[Exercise]: In the listing, find every line that has the string "closedCCM" and copy it.

━━━━━ Exercise inputs

(* For $\tau\in\mathbf{R}$, $L\geq1$ and $u\in\mathbf{C}$, let $B_{i\tau}(u)=\sum_{\ell\leq 2L,\ \ell\text{ prime}}\mathrm{sign}(d_{i\tau}(\ell))\,d_u(\ell)$. Then for $L$ large enough, $B_{i\tau}(it)\gg L/\log^6L$ uniformly for $t,\tau\in\mathbf{R}$ satisfying $|t-\tau|\ll 1/\log^7L$ and $|\tau|\leq L^{1/3}$.
   Context: $d_u(\ell)=\sum_{ab=\ell}(a/b)^u$, so for a prime $\ell$ and $\tau\in\mathbf{R}$, $d_{i\tau}(\ell)=\ell^{i\tau}+\ell^{-i\tau}=2\cos(\tau\log\ell)$ is real; $\mathrm{sign}$ denotes the sign of a real number. *)

From Stdlib Require Import Reals List ZArith Znumtheory Arith.
From Coquelicot Require Import Coquelicot.
Open Scope R_scope.

Definition cpow (x : R) (u : C) : C :=
  (exp (Re u * ln x) * cos (Im u * ln x),
   exp (Re u * ln x) * sin (Im u * ln x)).

(* d_u(n) = sum_{ab = n} (a/b)^u, summing over the divisors a of n (b = n/a). *)
Definition d_fun (u : C) (n : nat) : C :=
  fold_right Cplus (RtoC 0)
    (map (fun a => if Nat.eq_dec (n mod a) 0
                   then cpow (INR a / INR (n / a)) u else RtoC 0)
         (seq 1 n)).

Definition sign (x : R) : R :=
  if Rlt_dec 0 x then 1 else if Rlt_dec x 0 then -1 else 0.

Definition is_primeb (n : nat) : bool :=
  if prime_dec (Z.of_nat n) then true else false.

(* B_{i tau}(u) = sum_{l <= 2L, l prime} sign(d_{i tau}(l)) d_u(l).
   d_{i tau}(l) is real for prime l; we take its real part. *)
Definition B (tau L : R) (u : C) : C :=
  fold_right Cplus (RtoC 0)
    (map (fun l => if is_primeb l then
                     if Rle_dec (INR l) (2 * L)
                     then Cmult (RtoC (sign (Re (d_fun ((0%R, tau) : C) l))))
                                (d_fun u l)
                     else RtoC 0
                   else RtoC 0)
         (seq 0 (S (Z.to_nat (up (2 * L)))))).
(* A function $f:X\to Y$ between topological spaces is strongly-$SC^*$-closed if and only if for every subset $J\subseteq Y$ and every $SC^*$-open set $M$ in $X$ with $f^{-1}(J)\subseteq M$, there exists an $SC^*$-open set $N$ in $Y$ with $J\subseteq N$ and $f^{-1}(N)\subseteq M$.
   Context: For $A\subseteq Z$ in a topological space $Z$: $A$ is semi-open if $A\subseteq cl(int(A))$, semi-closed if its complement is semi-open; $scl(A)$ is the smallest semi-closed set containing $A$. $A$ is $c^*$-open if $int(cl(A))\subseteq A\subseteq cl(int(A))$. $A$ is $SC^*$-closed if $scl(A)\subseteq U$ whenever $A\subseteq U$ and $U$ is $c^*$-open; $A$ is $SC^*$-open if $Z\setminus A$ is $SC^*$-closed. A function $f:X\to Y$ is strongly-$SC^*$-closed if $f(M)$ is $SC^*$-closed in $Y$ for every $SC^*$-closed set $M$ in $X$. *)

From mathcomp Require Import all_boot all_classical.
From mathcomp Require Import topology.
Local Open Scope classical_set_scope.

Section SCstar.
Context {Z : topologicalType}.

Definition semi_open (A : set Z) : Prop := A `<=` closure (A^°).

Definition semi_closed (A : set Z) : Prop := semi_open (~` A).

Definition scl (A : set Z) : set Z :=
  \bigcap_(B in [set B | semi_closed B /\ A `<=` B]) B.

Definition cstar_open (A : set Z) : Prop :=
  (closure A)^° `<=` A /\ A `<=` closure (A^°).

Definition SCstar_closed (A : set Z) : Prop :=
  forall U : set Z, A `<=` U -> cstar_open U -> scl A `<=` U.

Definition SCstar_open (A : set Z) : Prop := SCstar_closed (~` A).

End SCstar.

Definition strongly_SCstar_closed {X Y : topologicalType} (f : X -> Y) : Prop :=
  forall M : set X, SCstar_closed M -> SCstar_closed (f @` M).

(* Since [f @^-1` J `<=` M] holds exactly when [J `<=` ~` (f @` ~` M)], the set
   [~` (f @` ~` M)] is the largest one whose preimage lies in [M].  Taking it as
   [N] gives one direction; conversely, for [M] closed the [N] produced for
   [J := ~` (f @` M)] must equal [J], so [f @` M = ~` N] is closed.  Nothing
   about SC*-closed sets is used except that SC*-open sets are their
   complements. *)

From mathcomp Require Import all_boot all_classical.
From mathcomp Require Import topology.
Local Open Scope classical_set_scope.

Lemma preimage_sub_setC_image {X Y : Type} (f : X -> Y) (J : set Y) (M : set X) :
  f @^-1` J `<=` M <-> J `<=` ~` (f @` ~` M).
Proof. by rewrite subsetCPr image_sub -preimage_setC subsetCP. Qed.

Section ClosedImage.
Variables (X Y : Type) (f : X -> Y).
Variables (closedX : set X -> Prop) (closedY : set Y -> Prop).

Lemma image_closed_iff_preimage_open :
  (forall M, closedX M -> closedY (f @` M)) <->
  (forall (J : set Y) (M : set X),
      closedX (~` M) -> f @^-1` J `<=` M ->
      exists N : set Y, closedY (~` N) /\ J `<=` N /\ f @^-1` N `<=` M).
Proof.
split=> [closed_image J M closedCM JM | open_nbhd M closedM].
- exists (~` (f @` ~` M)); split; [by rewrite setCK; apply: closed_image|split].
  + exact: (preimage_sub_setC_image f J M).1 JM.
  + exact: (preimage_sub_setC_image f _ M).2 (@subset_refl _ _).
- pose J := ~` (f @` M).
  have JM : f @^-1` J `<=` ~` M by apply/(preimage_sub_setC_image f J _).2; rewrite setCK.
  have closedCCM : closedX (~` ~` M) by rewrite setCK.
  have [N [closedCN [JN NM]]] := open_nbhd J (~` M) closedCCM JM.
  have NJ : N `<=` J by move/(preimage_sub_setC_image f N _).1: NM; rewrite setCK.
  have -> : f @` M = ~` N.
    by rewrite -[f @` M]setCK; congr (~` _); apply/seteqP; split.
  exact: closedCN.
Qed.

End ClosedImage.

Theorem theorem3p3 (X Y : topologicalType) (f : X -> Y) :
  strongly_SCstar_closed f <->
  (forall (J : set Y) (M : set X),
      SCstar_open M -> f @^-1` J `<=` M ->
      exists N : set Y, SCstar_open N /\ J `<=` N /\ f @^-1` N `<=` M).
Proof. exact: image_closed_iff_preimage_open. Qed.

━━━━━━━━━━

[Solution below]:
  have closedCCM : closedX (~` ~` M) by rewrite setCK.
  have [N [closedCN [JN NM]]] := open_nbhd J (~` M) closedCCM JM.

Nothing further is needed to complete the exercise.